Lemma horizontal_exists (v : V) :
  exists x, horizontal x /\ forall j, w j = 1%N -> x 0 j = v 0 j.
Proof.
have stable k i : (w i <= k)%N ->
    iter k (horizontal_step v) 0 0 i = iter k.+1 (horizontal_step v) 0 0 i.
  elim: k i => [|k IH] i wik; first by have := @gwt_pos _ G i; lia.
  by rewrite (iterS k) (iterS k.+1); apply: horizontal_step_low => j wj; apply: IH; lia.
pose x := iter (\max_(i < n) w i) (horizontal_step v) 0.
have xE : horizontal_step v x = x.
  by apply/rowP => i; rewrite /x -iterS; symmetry; apply: stable; exact: leq_bigmax.
exists x; split; last by move=> j wj; rewrite -xE mxE wj eqxx.
apply/rowP => i; rewrite mxE.
have [wi1|wi1] := eqVneq (w i) 1%N; first by rewrite gmul_w1 // wi1 expr1; ring.
have wi_gt1 : (1 < w i)%N by have := @gwt_pos _ G i; lia.
have := congr1 (fun y : V => y 0 i) xE; rewrite /= mxE (negbTE wi1) /gmul_corr => e.
have {}e : mul x x 0 i - x 0 i - x 0 i = x 0 i * (2 ^+ w i - 2).
  by rewrite -[in RHS]e divfK // expr2n_sub2_neq0.
lra.
Qed.

Lemma horizontal_gpow x k : horizontal x -> horizontal (gpow x k).
Proof.
move=> hx; have gpow_sq l : gpow (mul x x) l = gpow x (l + l).
  by elim: l => [|l IH] //=; rewrite IH ?addnS ?addSn /= gmulA.
by rewrite /horizontal -gpowD -gpow_sq hx wdil_gpow // ltr0Sn.
Qed.

Lemma horizontal_wdil x r : 0 < r -> horizontal x -> horizontal (wdil w r x).
Proof. by move=> r_gt0 hx; rewrite /horizontal -gdil_morph // hx !wdilM mulrC. Qed.

Lemma gpow_horizontal x k : horizontal x -> gpow x k = wdil w k%:R x.
Proof.
move=> hx; case: k => [|k]; first by rewrite /= wdil0x.
apply: horizontal_unique; [exact: horizontal_gpow|exact: horizontal_wdil (ltr0Sn _ _) hx|].
by move=> j wj; rewrite gpow_w1 // wdilE wj expr1.
Qed.

Lemma horizontal_natD x (k l : nat) : horizontal x ->
  mul (wdil w k%:R x) (wdil w l%:R x) = wdil w (k + l)%:R x.
Proof. by move=> hx; rewrite -!gpow_horizontal // gpowD. Qed.

Lemma gmul_entry_poly i (pa pb : 'I_n -> {poly R}) : exists P : {poly R},
  forall t, mul (\row_k (pa k).[t]) (\row_k (pb k).[t]) 0 i = P.[t].
Proof.
have [s sE] := @gmul_poly _ G i.
pose p (j : 'I_(n + n)) := match fintype.split j with inl k => pa k | inr k => pb k end.
exists (\sum_(m <- s) m.1 *: \prod_(j < n + n) p j ^+ m.2 j) => t.
have := sE (row_mx (\row_k (pa k).[t]) (\row_k (pb k).[t])).
rewrite row_mxKl row_mxKr => ->; rewrite horner_sum; apply: eq_bigr => m _.
rewrite hornerZ horner_prod; congr (_ * _); apply: eq_bigr => j _.
by rewrite horner_exp /p !mxE; case: (fintype.split j) => k; rewrite mxE.
Qed.

Lemma wdil_row_poly (x : V) t : wdil w t x = \row_k ('X^(w k) * (x 0 k)%:P).[t].
Proof. by apply/rowP => k; rewrite !mxE hornerM hornerXn hornerC. Qed.

Lemma row_polyC (x : V) t : x = \row_k ((x 0 k)%:P).[t].
Proof. by apply/rowP => k; rewrite !mxE hornerC. Qed.

Lemma gmul_wdil_poly_l (x y : V) i : exists P : {poly R},
  forall s, mul (wdil w s x) y 0 i = P.[s].
Proof.
have [P PE] := gmul_entry_poly i (fun k => 'X^(w k) * (x 0 k)%:P) (fun k => (y 0 k)%:P).
by exists P => s; rewrite -PE -wdil_row_poly -row_polyC.
Qed.

Lemma gmul_wdil_poly_r (x y : V) i : exists P : {poly R},
  forall t, mul y (wdil w t x) 0 i = P.[t].
Proof.
have [P PE] := gmul_entry_poly i (fun k => (y 0 k)%:P) (fun k => 'X^(w k) * (x 0 k)%:P).
by exists P => t; rewrite -PE -wdil_row_poly -row_polyC.
Qed.

(* Both sides are polynomial in s and in t, and agree at positive integers. *)
Lemma horizontal_wdilD x s t : horizontal x ->
  mul (wdil w s x) (wdil w t x) = wdil w (s + t) x.
Proof.
move=> hx.
have wdil_shift c i : exists Q : {poly R}, forall u, wdil w (c + u) x 0 i = Q.[u].
  exists ((c%:P + 'X) ^+ w i * (x 0 i)%:P) => u.
  by rewrite mxE hornerM horner_exp hornerD hornerX !hornerC.
have natS (l : nat) u : mul (wdil w u x) (wdil w l.+1%:R x) = wdil w (u + l.+1%:R) x.
  apply/rowP => i; move: u; apply: eq_poly_fun_natS.
  - exact: gmul_wdil_poly_l.
  - by have [Q QE] := wdil_shift l.+1%:R i; exists Q => u; rewrite addrC.
  - by move=> k; rewrite horizontal_natD // natrD.
apply/rowP => i; move: t; apply: eq_poly_fun_natS.
- exact: gmul_wdil_poly_r.
- exact: wdil_shift.
- by move=> k; rewrite natS.
Qed.

Lemma homogeneous_horizontal_line (x : V) k : w k = 1%N -> x 0 k != 0 -> horizontal x ->
  homogeneous G (range (fun t : R => wdil w t x)).
Proof.
move=> wk xk hx; split; [split; [|split]|split; [|split]].
- by exists 0 => //; rewrite wdil0x.
- by move=> _ _ [s _ <-] [t _ <-]; exists (s + t) => //; rewrite horizontal_wdilD.
- move=> _ [s _ <-]; exists (- s) => //; symmetry; apply: ginv_unique.
  by rewrite horizontal_wdilD // subrr wdil0x.
- have -> : range (fun t : R => wdil w t x) = [set g : 'rV[R^o]_n |
      forall i, g 0 i = (('X * ((x 0 k)^-1)%:P) ^+ w i * (x 0 i)%:P).[g 0 k]].
    apply/seteqP; split=> [_ [t _ <-] i|g gE] /=.
      by rewrite !mxE hornerM horner_exp hornerM hornerX !hornerC wk expr1 mulfK.
    exists (g 0 k / x 0 k) => //; apply/rowP => i.
    by rewrite [RHS]gE mxE hornerM horner_exp hornerM hornerX !hornerC.
  exact: closed_poly_graph.
- apply: connected_range.
  have -> : (fun t : R => (wdil w t x : 'rV[R^o]_n)) =
            (fun t => \row_i (('X ^+ w i * (x 0 i)%:P).[t] : R^o)).
    by apply/funext => t; apply/rowP => i; rewrite !mxE hornerM hornerXn hornerC.
  by apply: continuous_row => i; exact: continuous_horner.
- by move=> r _ r_gt0 [t _ <-]; exists (r * t) => //; rewrite /dil wdilM.
Qed.

Lemma hhom_to_R_coord {k} : w k = 1%N -> hhom_to_R G (fun g : 'rV[R^o]_n => g 0 k).
Proof. by move=> wk; split=> [a b|r a r_gt0]; rewrite ?gmul_w1 // /dil mxE wk expr1. Qed.

Lemma homogeneous_coord_ker k : w k = 1%N -> homogeneous G [set g : 'rV[R^o]_n | g 0 k = 0].
Proof.
move=> wk; split; [split; [|split]|split; [|split]].
- by rewrite /= mxE.
- by move=> a b /= ak bk; rewrite gmul_w1 // ak bk addr0.
- by move=> a /= ak; rewrite ginv_w1 // ak oppr0.
- apply: (@preimage_closed _ _ (fun g : 'rV[R^o]_n => g 0 k) [set 0]).
    by move=> g _; exact: coord_continuous.
  exact: closed_eq.
- exact: connected_coord_ker.
- by move=> r a r_gt0 /= ak; rewrite /dil mxE ak mulr0.
Qed.

Lemma normal_coord_ker k : w k = 1%N -> normal G [set g : 'rV[R^o]_n | g 0 k = 0].
Proof. by move=> wk g a /= ak; rewrite !gmul_w1 // ginv_w1 // ak; ring. Qed.

Section HomToR.
Context {phi : 'rV[R^o]_n -> R}.
Hypothesis phiM : forall x y, phi (mul x y) = phi x + phi y.

Lemma hom_to_R0 : phi 0 = 0.
Proof. by apply: (addrI (phi 0)); rewrite -phiM gmul0x addr0. Qed.

Lemma hom_to_R_ginv a : phi (inv a) = - phi a.
Proof. by apply/eqP; rewrite -addr_eq0 addrC -phiM gmulxV hom_to_R0. Qed.

Lemma hom_to_R_gpow a k : phi (gpow a k) = k%:R * phi a.
Proof.
elim: k => [|k IH] /=; first by rewrite hom_to_R0 mul0r.
by rewrite phiM IH -[k.+1]addn1 natrD; ring.
Qed.

Hypothesis phiZ : forall r x, 0 < r -> phi (dil G r x) = r * phi x.

(* For h in filt m, h^(2^m) and wdil 2 h differ by an element of filt m.+1, while phi
   multiplies them by 2^m and 2; descending induction on m. *)
Lemma hom_to_R_filt2 h : filt 2 h -> phi h = 0.
Proof.
suff ind d m h' : (\max_(j < n) w j < m + d)%N -> (1 < m)%N -> filt m h' -> phi h' = 0.
  by move=> h2; apply: (ind (\max_(j < n) w j).+1 2%N) => //; lia.
elim: d m h' => [|d IH] m h' wmax m_gt1 hm.
  suff -> : h' = 0 by exact: hom_to_R0.
  apply/rowP => j; rewrite mxE; apply: hm; rewrite addn0 in wmax.
  exact: leq_ltn_trans (leq_bigmax j) wmax.
pose y := gpow h' (2 ^ m)%N; pose z := wdil w 2 h'.
have [ym yE] := gpow_filt (2 ^ m)%N hm.
have zm : filt m z by move=> j wj; rewrite wdilE hm // mulr0.
have e_next : filt m.+1 (mul (inv y) z).
  move=> j wj; have [wjm|wjm] := ltnP (w j) m; first exact: filt_gmul (filt_ginv ym) zm j wjm.
  have wjE : w j = m by lia.
  rewrite (gmul_filt_entry (filt_ginv ym) zm) ?wjE // (ginv_filt_entry ym) ?wjE //.
  by rewrite yE ?wjE // wdilE wjE natrX addNr.
have : phi z = phi y.
  have zE : mul y (mul (inv y) z) = z by rewrite gmulA gmulxV gmul0x.
  by rewrite -zE phiM (IH m.+1 _ _ _ e_next) ?addr0 //; lia.
rewrite /z phiZ // /y hom_to_R_gpow natrX => /eqP.
rewrite -subr_eq0 -mulrBl mulf_eq0 => /orP [|/eqP //].
by rewrite -oppr_eq0 opprB (negbTE (expr2n_sub2_neq0 R m_gt1)).
Qed.
Lemma T2_axioms_E2 phi : T2_axioms phi -> sentence phi /\ Ek 2 phi.
Proof.
have qfree_D n : qfree (FDistinct L2 n).
  by apply: qfree_FBigAnd => i; apply: qfree_FBigAnd.
case=> [->|->|->|[n [->|->]]].
- split; first by move=> x /= [x0 /free_R_atom []]; lia.
  by exists [::], ax_irrefl; split => //; exists [:: 0%N], (FNot (R_atom 0 0)).
- split; first by move=> x /= [x0 [x1 [/free_R_atom [] | /free_R_atom []]]]; lia.
  exists [::], ax_sym; split => //.
  by exists [:: 0%N; 1%N], (FImp (R_atom 0 1) (R_atom 1 0)).
- split.
    by move=> x /= [x0 [x1 [x2 [/free_R_atom []|[/free_R_atom []|[]]]]]]; lia.
  exists [::], ax_functional; split => //.
  by exists [:: 0%N; 1%N; 2%N], (FImp (R_atom 0 1) (FImp (R_atom 0 2) (@FEq L2 1 2))).
- split.
    move=> x /free_FExs []; rewrite mem_iota0 => xn /= [/free_FDistinct|]; first lia.
    by move=> /free_FBigAnd [i]; rewrite mem_iota0 => iN /free_R_atom []; lia.
  exists (iota 0 (n + n)), (many_matched_body n); split => //.
  by exists [::], (many_matched_body n); split => //; split => //; exact: qfree_FBigAnd.
- split.
    move=> x /free_FExs []; rewrite mem_iota0 => xn /= [xnn [/free_FDistinct|]].
      lia.
    by move=> /free_FBigAnd [i]; rewrite mem_iota0 => iN /free_R_atom []; lia.
  exists (iota 0 n), (FAll n (many_unmatched_body n)); split => //.
  by exists [:: n], (many_unmatched_body n); split => //; split => //; exact: qfree_FBigAnd.
Qed.
Lemma pmS_factor m x :
  (m + x.+1)%:R * (\prod_(i < m) ((m + x.+1)%:R ^+ 2 - (i + x.+1)%:R ^+ 2))
    / (m.*2.+1)`!%:R
  = \prod_(1 <= i < m.+2) ((2 * x + i + m.+1)%N%:R / (i + m.+1)%N%:R) :> rat.
Proof.
rewrite [RHS]big_nat_recr //= big_add1 /= big_mkord prodf_div.
pose P1 : rat := \prod_(i < m) (m - i)%N%:R.
pose P2 : rat := \prod_(i < m) (2 * x + i.+1 + m.+1)%N%:R.
pose P3 : rat := \prod_(i < m) (i.+1 + m.+1)%N%:R.
have -> : \prod_(i < m) ((m + x.+1)%:R ^+ 2 - (i + x.+1)%:R ^+ 2) = P1 * P2 :> rat.
  rewrite -big_split; apply: eq_bigr => i _ /=.
  by rewrite natrB 1?ltnW // !natrD -!natr1; ring.
have -> : (m.*2.+1)`!%:R = m.+1%:R * P1 * P3 :> rat.
  rewrite /P1 /P3 -!natr_prod -ffact_prod ffactnn -!natrM -factS.
  have -> : m.*2.+1 = (m.+1 + m)%N by rewrite -addnn addSn.
  by rewrite factD; congr (_ * _)%:R; apply: eq_bigr => i _; rewrite addnC.
have P1_neq0 : P1 != 0 by rewrite /P1 -natr_prod -ffact_prod ffactnn pnatr_eq0 -lt0n fact_gt0.
have P3_neq0 : P3 != 0 by rewrite /P3 -natr_prod pnatr_eq0 -lt0n prodn_gt0.
rewrite -/P2 -/P3 !natrD -!natr1; field.
by rewrite P1_neq0 P3_neq0 /= !natr1 -natrD !pnatr_eq0.
Qed.

Definition vdm_prod m x : rat := (\prod_(a < m) (a + x.+1)%N%:R) *
  (\prod_(i < m) \prod_(j < m | (i < j)%N) ((j + x.+1)%N%:R ^+ 2 - (i + x.+1)%N%:R ^+ 2)) *
  \prod_(c < m) ((c.*2.+1)`!%:R)^-1.

Lemma prod_ord_lt_recr (R : comPzSemiRingType) m (F : nat -> nat -> R) :
  \prod_(i < m.+1) \prod_(j < m.+1 | (i < j)%N) F i j =
  (\prod_(i < m) \prod_(j < m | (i < j)%N) F i j) * \prod_(i < m) F i m.
Proof.
rewrite big_ord_recr /= [X in _ * X]big1 ?mulr1; last first.
  by move=> j lt_mj; have := ltn_ord j; lia.
rewrite -big_split; apply: eq_bigr => i _ /=.
by rewrite big_mkcond big_ord_recr /= -big_mkcond /= ltn_ord.
Qed.

Lemma vdm_prod_pm m x : vdm_prod m x = pm m.+1 x.
Proof.
elim: m => [|m IHm]; first by rewrite /vdm_prod /pm !big_ord0 big_geq // !mulr1.
rewrite pmS -IHm -pmS_factor /vdm_prod.
rewrite (@prod_ord_lt_recr _ m (fun i j => (j + x.+1)%N%:R ^+ 2 - (i + x.+1)%N%:R ^+ 2)).
rewrite !big_ord_recr /=; ring.
Qed.

Lemma det_hankel_coef_ul m x :
  \det (hankel_coef_ul m x.+1) = (-1) ^+ ('C(m.+1, 2) + m * x.+1) * vdm_prod m x.
Proof.
have sum_ord_id : (\sum_(a < m) a = 'C(m, 2))%N.
  by rewrite -(big_mkord xpredT (fun a => a)) bin2_sum.
have lscale : \prod_(a < m) ul_lscale m x.+1 0 a =
    (-1) ^+ ('C(m, 2) + m * x.+1) * \prod_(a < m) (a + x.+1)%N%:R.
  rewrite /ul_lscale; under eq_bigr do rewrite mxE.
  rewrite big_split /= prodrXr big_split /= sum_ord_id sum_nat_const card_ord.
  by rewrite -natr_prod.
have rscale : \prod_(j < m) ul_rscale m 0 j =
    (-1) ^+ ('C(m, 2) + m) * \prod_(c < m) ((c.*2.+1)`!%:R)^-1.
  rewrite /ul_rscale (reindex_inj rev_ord_inj) /=.
  rewrite (eq_bigr (fun c : 'I_m => (-1) ^+ c.+1 * ((c.*2.+1)`!%:R)^-1)); last first.
    move=> c _; rewrite mxE /=.
    by have -> : (m - (m - c.+1).+1 = c)%N by have := ltn_ord c; lia.
  rewrite big_split /= prodrXr (eq_bigr (fun c : 'I_m => c + 1)%N) ?big_split /=.
    by rewrite sum_ord_id sum_nat_const card_ord muln1.
  by move=> c _; rewrite addn1.
have vdm : \det (Vandermonde m (sq_nodes m x.+1)) = \prod_(i < m) \prod_(j < m | (i < j)%N)
    ((j + x.+1)%N%:R ^+ 2 - (i + x.+1)%N%:R ^+ 2).
  by rewrite det_Vandermonde; apply: eq_bigr => i _; apply: eq_bigr => j _; rewrite !mxE.
rewrite hankel_coef_ul_factor !det_mulmx !det_diag det_qpoly_mx vdm lscale rscale.
rewrite /vdm_prod binS bin1.
have signs : (-1) ^+ ('C(m, 2) + m * x.+1) * (-1) ^+ 'C(m, 2) * (-1) ^+ ('C(m, 2) + m)
    = (-1) ^+ ('C(m, 2) + m + m * x.+1) :> rat.
  rewrite -!exprD; set C := 'C(m, 2); set P := (m * x.+1)%N.
  have -> : (C + P + C + (C + m) = C + m + P + 2 * C)%N by lia.
  by rewrite exprD exprM sqrrN expr1n mulr1.
by rewrite -signs; ring.
Qed.

Lemma Dhank_neg m x :
  Dhank (- m%:Z) (m + x.+1) = (-1) ^+ 'C(m.+1, 2) * 2 ^+ x * pm m.+1 x.
Proof.
rewrite /Dhank hankel_factor det_mulmx det_cbin_mx mul1r det_hankel_coef_mx //.
rewrite det_hankel_coef_ul vdm_prod_pm exprD /=.
have sq : (-1) ^+ (m * x.+1) * (-1) ^+ (m * x.+1) = 1 :> rat.
  by rewrite -signr_odd -signr_addb addbb.
transitivity ((-1) ^+ (m * x.+1) * (-1) ^+ (m * x.+1) *
              ((-1) ^+ 'C(m.+1, 2) * 2 ^+ x * pm m.+1 x)); first by ring.
by rewrite sq mul1r.
Qed.

Theorem theorem7 (m : nat) (hm : (1 <= m)%N) :
  (forall n : nat, (1 <= n <= m)%N -> Dhank (- (m%:Z)) n = 0) /\
  (forall n : nat, (m.+1 <= n)%N ->
     Dhank (- (m%:Z)) n =
       (-1) ^+ 'C(m.+1, 2) * 2 ^+ (n - m.+1) * pm m.+1 (n - m.+1)).
Proof.
split=> [[//|n] /andP[_ le_nm] | n lt_mn].
  rewrite /Dhank (expand_det_row _ ord0) big1 // => j _.
  by rewrite mxE Bc_neg ?mul0r //=; have := ltn_ord j; lia.
by rewrite -Dhank_neg; congr Dhank; lia.
Qed.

Exercise aim: Copy out each line of the material in which the word "gmulxV" turns up.

Output:
Proof. by apply/eqP; rewrite -addr_eq0 addrC -phiM gmulxV hom_to_R0. Qed.
  have zE : mul y (mul (inv y) z) = z by rewrite gmulA gmulxV gmul0x.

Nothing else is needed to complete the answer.